*** Opening Supplied data ***

(* For every integer $n\ge2$, \[ \sum_{j=0}^{n}\frac{B_j}{n-j+1}=1-(n+1)\sum_{k=1}^{n}{n\brace k}c_kH_k . \]
   Context: $B_j$ is the $j$th Bernoulli number ($\frac{t}{e^t-1}=\sum_{m\ge0}B_m\frac{t^m}{m!}$). ${n\brace k}$ is the Stirling number of the second kind, $H_k=\sum_{i=1}^k1/i$. The Cauchy numbers of the first kind are $c_k=k!\int_0^1\binom{x}{k}dx=\int_0^1x(x-1)\cdots(x-k+1)\,dx$. *)

From mathcomp Require Import all_boot all_order all_algebra.
Set Implicit Arguments. Unset Strict Implicit. Unset Printing Implicit Defensive.
Import Order.TTheory GRing.Theory Num.Theory.
Local Open Scope ring_scope.

(* Bernoulli numbers: coefficients of t/(e^t-1) = sum_m B_m t^m/m!.
   Comparing coefficients of t^(m+1) in (e^t-1) * sum_k B_k t^k/k! = t gives
   B_0 = 1 and sum_(k<=m) C(m+1,k) B_k = 0 for m >= 1, i.e.
   B_m = -1/(m+1) * sum_(k<m) C(m+1,k) B_k  (so B_1 = -1/2). *)
Fixpoint bern_seq (n : nat) : seq rat :=
  match n with
  | 0 => [:: 1]
  | m.+1 => let s := bern_seq m in
            rcons s (- (m.+2)%:R^-1 *
                     \sum_(k < m.+1) ('C(m.+2, k))%:R * nth 0 s k)
  end.
Definition bernoulli (n : nat) : rat := nth 0 (bern_seq n) n.

Fixpoint stirling2 (n k : nat) : nat :=
  match n, k with
  | 0, 0 => 1
  | 0, _.+1 => 0
  | _.+1, 0 => 0
  | n'.+1, k'.+1 => k'.+1 * stirling2 n' k'.+1 + stirling2 n' k'
  end.

Definition harmonic (k : nat) : rat := \sum_(1 <= i < k.+1) (i%:R)^-1.

Definition poly_int01 (p : {poly rat}) : rat :=
  \sum_(i < size p) p`_i / (i.+1)%:R.

Definition cauchy1 (k : nat) : rat :=
  poly_int01 (\prod_(i < k) ('X - (i%:R)%:P)).

From mathcomp Require Import all_boot all_order all_algebra.
From mathcomp Require Import ring zify.
Import GRing.Theory Num.Theory.
Local Open Scope ring_scope.

(* Expand x^n = sum_k {n brace k} x^(k) in falling factorials x^(k), whose integrals over
   [0,1] are the Cauchy numbers c_k.  The polynomial q_n = sum_k {n brace k} H_k x^(k) then
   satisfies q_(n+1) = x q_n + r_n, where r_n = sum_k {n brace k} x^(k+1)/(k+1) is the
   antidifference of x^n vanishing at 0, hence equals Faulhaber's polynomial
   (1/(n+1)) sum_j C(n+1,j) B_j x^(n+1-j).  Solving the recursion in the monomial basis gives
   q_n = H_n x^n + sum_j (C(n,j)-1) B_j/j x^(n-j), and integrating over [0,1] turns
   (n+1) int_0^1 q_n into 1 - sum_j B_j/(n-j+1) via H_n + sum_j (C(n+1,j)-1) B_j/j = n/(n+1). *)

Lemma stirling2_eq0 n k : (n < k)%N -> stirling2 n k = 0%N.
Proof.
elim: n k => [|n IHn] [|k] //=; rewrite ltnS => lt_nk.
by rewrite (IHn k) // (IHn k.+1) ?muln0 // ltnW.
Qed.

Section FallingFactorial.
Variable R : comNzRingType.

Definition falling k : {poly R} := \prod_(i < k) ('X - i%:R%:P).

Lemma fallingS k : falling k.+1 = falling k * ('X - k%:R%:P).
Proof. by rewrite /falling big_ord_recr. Qed.

Lemma mulX_falling k : 'X * falling k = falling k.+1 + k%:R *: falling k.
Proof. by rewrite fallingS -mul_polyC; ring. Qed.

Lemma horner_falling k y : (falling k).[y] = \prod_(i < k) (y - i%:R).
Proof. by rewrite /falling horner_prod; apply: eq_bigr => i _; rewrite hornerXsubC. Qed.

Lemma horner_fallingS0 k : (falling k.+1).[0] = 0.
Proof. by rewrite horner_falling big_ord_recl subrr mul0r. Qed.

Lemma falling_diff k y :
  (falling k.+1).[y + 1] - (falling k.+1).[y] = k.+1%:R * (falling k).[y].
Proof.
rewrite {1}horner_falling big_ord_recl fallingS hornerM hornerXsubC horner_falling.
under eq_bigr do rewrite lift0 -natr1 opprD addrACA subrr addr0.
by rewrite subr0 -natr1; set P := \prod_(_ < _) _; ring.
Qed.

Definition stirling_sum n (w : nat -> R) : {poly R} :=
  \sum_(k < n.+1) ((stirling2 n k)%:R * w k) *: falling k.

Lemma stirling_sumS n w :
  stirling_sum n.+1 w = 'X * stirling_sum n w
    + \sum_(k < n.+1) ((stirling2 n k)%:R * (w k.+1 - w k)) *: falling k.+1.
Proof.
have shift : \sum_(k < n.+1) (k%:R * (stirling2 n k)%:R * w k) *: falling k
    = \sum_(k < n.+1) (k.+1%:R * (stirling2 n k.+1)%:R * w k.+1) *: falling k.+1.
  rewrite big_ord_recl [RHS]big_ord_recr (@stirling2_eq0 n n.+1) // !mulr0n.
  rewrite !(mul0r, mulr0) !scale0r add0r /= addr0.
  by apply: eq_bigr => i _; rewrite /bump /= add1n.
rewrite /stirling_sum big_ord_recl /= mul0r scale0r add0r mulr_sumr.
under eq_bigr do rewrite /bump /= add1n natrD natrM mulrDl scalerDl.
rewrite big_split /= -shift addrC -!big_split /=.
apply: eq_bigr => k _; rewrite -scalerAr mulX_falling scalerDr scalerA.
by rewrite addrAC -scalerDl; congr (_ *: _ + _ *: _); ring.
Qed.

Lemma Xn_stirling n : 'X^n = stirling_sum n (fun=> 1).
Proof.
elim: n => [|n IHn].
  by rewrite /stirling_sum big_ord1 mulr1 scale1r /falling big_ord0 expr0.
rewrite stirling_sumS -IHn exprS big1 ?addr0 // => k _.
by rewrite subrr mulr0 scale0r.
Qed.

End FallingFactorial.

Arguments falling {R} k.
Arguments stirling_sum {R} n w.
(* Let $M_t=(\mathcal S,\mathcal A,\bar r_t,p_t,s_1)$, $t=1,\dots,T$, be time-homogeneous communicating MDPs on common finite state and action sets, each with diameter at most $D$. Define $V_T=\sum_{t=1}^{T-1}|\rho^*(M_{t+1})-\rho^*(M_t)|$, $V^r_T=\sum_{t=1}^{T-1}\max_{s,a}|\bar r_{t+1}(s,a)-\bar r_t(s,a)|$ and $V^p_T=\sum_{t=1}^{T-1}\max_{s,a}\|p_{t+1}(\cdot\mid s,a)-p_t(\cdot\mid s,a)\|_1$. Then \[V_T\le V^r_T+D\,V^p_T.\]
   Context: A (time-homogeneous) MDP $M=(\mathcal S,\mathcal A,\bar r,p,s_1)$ has mean rewards $\bar r(s,a)\in[0,1]$ and transition probabilities $p(\cdot\mid s,a)$. It is communicating if for any two states $s,s'$, starting in $s$ one can reach $s'$ with positive probability by choosing appropriate actions. Its diameter is $\max_{s\ne s'}\min_\pi\mathbb E[T(s'\mid s,\pi)]$, where $T(s'\mid s,\pi)$ is the first time $s'$ is reached when starting in $s$ and following the stationary policy $\pi:\mathcal S\to\mathcal A$. The average reward of a stationary policy is $\rho(M,\pi)=\lim_{n\to\infty}\frac1n\mathbb E[\sum_{t=1}^n r_t]$ and $\rho^*(M)=\max_\pi\rho(M,\pi)$. *)

From HB Require Import structures.
From mathcomp Require Import all_boot all_order all_algebra.
From mathcomp Require Import all_classical all_reals all_analysis.
Set Implicit Arguments. Unset Strict Implicit. Unset Printing Implicit Defensive.
Import Order.TTheory GRing.Theory Num.Theory numFieldNormedType.Exports.
Local Open Scope ring_scope.
Lemma card_stable_sets_involution r : #|stable_sets s r| =
  \sum_(0 <= t < r.+1) 'C(#|fixed|, t) * binomq ((#|T| - #|fixed|) %/ 2) (r - t) 2.
Proof.
have porbitsE : fixed_orbits :|: moved_orbits = porbits s by apply: setID.
have card_T : #|T| = #|fixed| + #|moved_orbits| * 2.
  rewrite -cardsT (card_partition (porbits_partition s)) sum_card_porbits_involution //.
  by rewrite (setIidPr (subsetIl _ _)) (setIidPr (subsetDl _ _)) card_fixed_orbits.
have disj_orbits : [disjoint fixed_orbits & moved_orbits].
  by rewrite -setI_eq0 /fixed_orbits /moved_orbits setDE setIACA setICr setI0.
rewrite card_T addKn mulnK // card_stable_sets -card_fixed_orbits.
rewrite -card_weighted_draws // porbitsE; apply: eq_card => U; rewrite !inE.
by case sUs: (U \subset porbits s); rewrite //= sum_card_porbits_involution.
Qed.

End Involution.
End StableSets.

Definition d4_mul_table : seq (seq nat) :=
  [:: [:: 0; 1; 2; 3; 4; 5; 6; 7]; [:: 1; 2; 3; 0; 7; 6; 4; 5];
      [:: 2; 3; 0; 1; 5; 4; 7; 6]; [:: 3; 0; 1; 2; 6; 7; 5; 4];
      [:: 4; 6; 5; 7; 0; 2; 1; 3]; [:: 5; 7; 4; 6; 2; 0; 3; 1];
      [:: 6; 5; 7; 4; 3; 1; 0; 2]; [:: 7; 4; 6; 5; 1; 3; 2; 0]].

Definition d4_mul (g h : 'I_8) : 'I_8 := inord (nth 0 (nth [::] d4_mul_table g) h).

Definition d4_inv (g : 'I_8) : 'I_8 := inord (nth 0 [:: 0; 3; 2; 1; 4; 5; 6; 7] g).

*** Closing Supplied data ***

[Your assignment]:
From the entries above, restate word for word the lines from the line containing "Definition harmonic (k" to the line containing "Import GRing.Theory Num.Theory.", both ends included, and nothing more.

[Answer to this problem]:
Definition harmonic (k : nat) : rat := \sum_(1 <= i < k.+1) (i%:R)^-1.

Definition poly_int01 (p : {poly rat}) : rat :=
  \sum_(i < size p) p`_i / (i.+1)%:R.

Definition cauchy1 (k : nat) : rat :=
  poly_int01 (\prod_(i < k) ('X - (i%:R)%:P)).

From mathcomp Require Import all_boot all_order all_algebra.
From mathcomp Require Import ring zify.
Import GRing.Theory Num.Theory.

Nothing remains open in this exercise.